-------- SUPPLIED RECORDS --------

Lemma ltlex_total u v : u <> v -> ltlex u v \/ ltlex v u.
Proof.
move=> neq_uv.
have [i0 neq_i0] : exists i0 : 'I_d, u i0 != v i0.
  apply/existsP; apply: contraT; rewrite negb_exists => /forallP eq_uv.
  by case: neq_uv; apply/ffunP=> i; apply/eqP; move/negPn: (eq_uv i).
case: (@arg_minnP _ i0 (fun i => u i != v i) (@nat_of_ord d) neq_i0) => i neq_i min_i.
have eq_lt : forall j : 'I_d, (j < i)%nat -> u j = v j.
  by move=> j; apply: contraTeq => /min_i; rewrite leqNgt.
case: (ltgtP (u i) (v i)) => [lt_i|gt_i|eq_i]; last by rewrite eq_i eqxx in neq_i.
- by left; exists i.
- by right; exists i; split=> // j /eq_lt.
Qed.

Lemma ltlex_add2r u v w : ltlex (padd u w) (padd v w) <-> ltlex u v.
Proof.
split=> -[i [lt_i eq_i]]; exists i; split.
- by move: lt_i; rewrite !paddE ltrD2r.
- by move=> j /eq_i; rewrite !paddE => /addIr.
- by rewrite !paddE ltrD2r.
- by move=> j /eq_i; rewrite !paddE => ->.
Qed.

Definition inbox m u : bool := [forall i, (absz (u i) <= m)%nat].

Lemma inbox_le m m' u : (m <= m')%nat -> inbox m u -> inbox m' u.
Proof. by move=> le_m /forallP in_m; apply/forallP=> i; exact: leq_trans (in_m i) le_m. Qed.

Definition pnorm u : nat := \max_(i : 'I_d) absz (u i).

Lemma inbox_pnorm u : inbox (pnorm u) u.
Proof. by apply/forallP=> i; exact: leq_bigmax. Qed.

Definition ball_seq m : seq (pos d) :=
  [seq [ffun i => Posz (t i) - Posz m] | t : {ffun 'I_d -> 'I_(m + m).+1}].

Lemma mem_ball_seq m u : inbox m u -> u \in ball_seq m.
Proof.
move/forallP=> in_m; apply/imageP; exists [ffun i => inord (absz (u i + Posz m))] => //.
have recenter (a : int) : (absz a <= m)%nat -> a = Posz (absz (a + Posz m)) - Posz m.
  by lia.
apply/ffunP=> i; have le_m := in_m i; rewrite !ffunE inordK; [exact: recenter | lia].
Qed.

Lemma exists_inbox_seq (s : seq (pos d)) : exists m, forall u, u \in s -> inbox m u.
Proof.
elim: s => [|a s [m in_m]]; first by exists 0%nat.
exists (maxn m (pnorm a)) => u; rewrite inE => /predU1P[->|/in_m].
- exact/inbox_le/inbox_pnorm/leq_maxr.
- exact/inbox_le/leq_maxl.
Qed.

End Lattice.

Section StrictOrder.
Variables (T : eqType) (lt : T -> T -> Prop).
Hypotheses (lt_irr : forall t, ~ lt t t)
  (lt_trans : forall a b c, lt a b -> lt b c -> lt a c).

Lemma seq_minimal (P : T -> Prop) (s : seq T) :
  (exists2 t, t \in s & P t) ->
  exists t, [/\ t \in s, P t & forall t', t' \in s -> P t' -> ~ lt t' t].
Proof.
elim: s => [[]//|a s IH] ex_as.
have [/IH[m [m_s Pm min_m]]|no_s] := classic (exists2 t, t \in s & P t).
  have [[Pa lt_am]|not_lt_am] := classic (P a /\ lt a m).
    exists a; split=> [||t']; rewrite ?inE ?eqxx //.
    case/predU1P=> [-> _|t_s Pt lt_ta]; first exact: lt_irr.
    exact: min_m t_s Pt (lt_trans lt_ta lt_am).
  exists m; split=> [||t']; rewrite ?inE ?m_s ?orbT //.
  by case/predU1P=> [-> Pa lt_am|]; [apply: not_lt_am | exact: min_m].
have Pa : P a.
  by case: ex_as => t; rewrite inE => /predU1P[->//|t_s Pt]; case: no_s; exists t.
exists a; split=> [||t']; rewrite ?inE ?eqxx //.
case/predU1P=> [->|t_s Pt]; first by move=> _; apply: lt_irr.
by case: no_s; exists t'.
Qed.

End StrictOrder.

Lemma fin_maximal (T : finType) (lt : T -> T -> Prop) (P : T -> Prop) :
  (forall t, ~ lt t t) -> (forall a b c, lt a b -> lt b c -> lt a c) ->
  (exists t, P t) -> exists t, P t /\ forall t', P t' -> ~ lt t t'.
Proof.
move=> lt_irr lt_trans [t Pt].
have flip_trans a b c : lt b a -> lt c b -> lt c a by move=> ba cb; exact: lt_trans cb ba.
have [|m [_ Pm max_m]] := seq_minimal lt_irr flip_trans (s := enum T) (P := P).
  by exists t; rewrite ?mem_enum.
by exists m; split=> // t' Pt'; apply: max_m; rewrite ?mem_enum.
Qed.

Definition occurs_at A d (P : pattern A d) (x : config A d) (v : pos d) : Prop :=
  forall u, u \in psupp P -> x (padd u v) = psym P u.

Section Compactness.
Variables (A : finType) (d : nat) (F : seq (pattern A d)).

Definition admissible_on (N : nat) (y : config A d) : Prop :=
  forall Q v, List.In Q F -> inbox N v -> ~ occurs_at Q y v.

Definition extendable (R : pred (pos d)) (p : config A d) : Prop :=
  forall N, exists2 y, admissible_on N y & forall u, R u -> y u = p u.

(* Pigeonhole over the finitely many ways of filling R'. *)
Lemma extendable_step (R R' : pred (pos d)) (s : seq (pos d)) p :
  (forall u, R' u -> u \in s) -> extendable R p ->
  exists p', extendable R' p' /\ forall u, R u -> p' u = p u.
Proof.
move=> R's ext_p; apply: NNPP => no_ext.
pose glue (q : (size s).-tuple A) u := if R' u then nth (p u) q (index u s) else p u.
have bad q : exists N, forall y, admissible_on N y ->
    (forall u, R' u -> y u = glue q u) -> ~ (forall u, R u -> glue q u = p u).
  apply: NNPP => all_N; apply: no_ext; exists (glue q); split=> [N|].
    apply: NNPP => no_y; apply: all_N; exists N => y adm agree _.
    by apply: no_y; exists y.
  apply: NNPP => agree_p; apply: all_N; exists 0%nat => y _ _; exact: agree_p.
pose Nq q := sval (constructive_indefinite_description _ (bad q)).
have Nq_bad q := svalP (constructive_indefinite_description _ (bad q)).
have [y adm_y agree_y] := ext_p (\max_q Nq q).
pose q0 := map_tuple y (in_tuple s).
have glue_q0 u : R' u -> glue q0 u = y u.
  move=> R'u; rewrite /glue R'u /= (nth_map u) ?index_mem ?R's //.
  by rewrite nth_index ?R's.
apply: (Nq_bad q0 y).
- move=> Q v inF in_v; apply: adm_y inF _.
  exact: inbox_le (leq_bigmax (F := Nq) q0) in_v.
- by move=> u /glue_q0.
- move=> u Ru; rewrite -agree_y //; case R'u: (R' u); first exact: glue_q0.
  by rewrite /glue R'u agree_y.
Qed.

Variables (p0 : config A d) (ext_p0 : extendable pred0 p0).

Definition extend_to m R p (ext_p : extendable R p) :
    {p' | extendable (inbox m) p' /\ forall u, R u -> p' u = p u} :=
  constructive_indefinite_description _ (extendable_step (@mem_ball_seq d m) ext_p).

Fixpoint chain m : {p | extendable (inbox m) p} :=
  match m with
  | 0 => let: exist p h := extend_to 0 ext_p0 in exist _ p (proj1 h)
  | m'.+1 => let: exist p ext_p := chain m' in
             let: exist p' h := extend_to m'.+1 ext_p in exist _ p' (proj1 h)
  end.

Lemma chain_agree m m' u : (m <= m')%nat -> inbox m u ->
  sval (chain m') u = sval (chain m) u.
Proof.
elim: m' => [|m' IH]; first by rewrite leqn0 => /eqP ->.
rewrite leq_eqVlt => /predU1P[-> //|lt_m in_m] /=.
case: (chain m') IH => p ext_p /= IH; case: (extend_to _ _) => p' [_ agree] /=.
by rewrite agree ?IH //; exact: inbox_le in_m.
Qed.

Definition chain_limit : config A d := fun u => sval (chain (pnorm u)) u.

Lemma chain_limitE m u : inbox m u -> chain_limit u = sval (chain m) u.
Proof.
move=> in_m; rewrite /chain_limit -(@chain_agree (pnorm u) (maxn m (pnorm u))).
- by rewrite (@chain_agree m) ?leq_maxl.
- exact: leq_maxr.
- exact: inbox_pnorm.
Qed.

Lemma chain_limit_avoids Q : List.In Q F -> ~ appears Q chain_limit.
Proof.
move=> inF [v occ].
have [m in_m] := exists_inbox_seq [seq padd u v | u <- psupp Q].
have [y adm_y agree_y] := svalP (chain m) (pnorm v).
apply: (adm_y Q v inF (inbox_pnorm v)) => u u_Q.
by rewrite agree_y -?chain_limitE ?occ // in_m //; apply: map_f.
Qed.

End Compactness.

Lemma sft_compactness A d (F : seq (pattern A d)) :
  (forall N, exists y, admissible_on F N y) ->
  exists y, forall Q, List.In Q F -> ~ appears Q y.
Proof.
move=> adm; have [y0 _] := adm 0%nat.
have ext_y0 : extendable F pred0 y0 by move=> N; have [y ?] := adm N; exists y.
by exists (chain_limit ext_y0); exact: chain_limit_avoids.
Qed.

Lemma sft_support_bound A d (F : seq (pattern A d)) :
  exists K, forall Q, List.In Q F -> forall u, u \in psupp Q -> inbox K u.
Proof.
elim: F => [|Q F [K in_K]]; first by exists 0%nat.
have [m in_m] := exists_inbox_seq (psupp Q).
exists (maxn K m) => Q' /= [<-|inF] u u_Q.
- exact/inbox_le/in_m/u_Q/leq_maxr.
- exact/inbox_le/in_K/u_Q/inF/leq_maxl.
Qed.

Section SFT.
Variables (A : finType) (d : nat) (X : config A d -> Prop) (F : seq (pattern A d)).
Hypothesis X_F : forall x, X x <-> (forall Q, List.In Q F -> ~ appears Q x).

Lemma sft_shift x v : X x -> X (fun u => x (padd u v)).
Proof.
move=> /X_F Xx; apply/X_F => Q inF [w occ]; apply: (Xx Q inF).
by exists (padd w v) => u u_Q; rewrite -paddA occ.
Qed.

--------

- **WHAT YOU SHOULD DO**
From the entries above, return exactly the line containing "(inbox m) p'", the line containing "match m with", and all lines between, and nothing else.

- **ANSWER FOR THIS EXERCISE**
    {p' | extendable (inbox m) p' /\ forall u, R u -> p' u = p u} :=
  constructive_indefinite_description _ (extendable_step (@mem_ball_seq d m) ext_p).

Fixpoint chain m : {p | extendable (inbox m) p} :=
  match m with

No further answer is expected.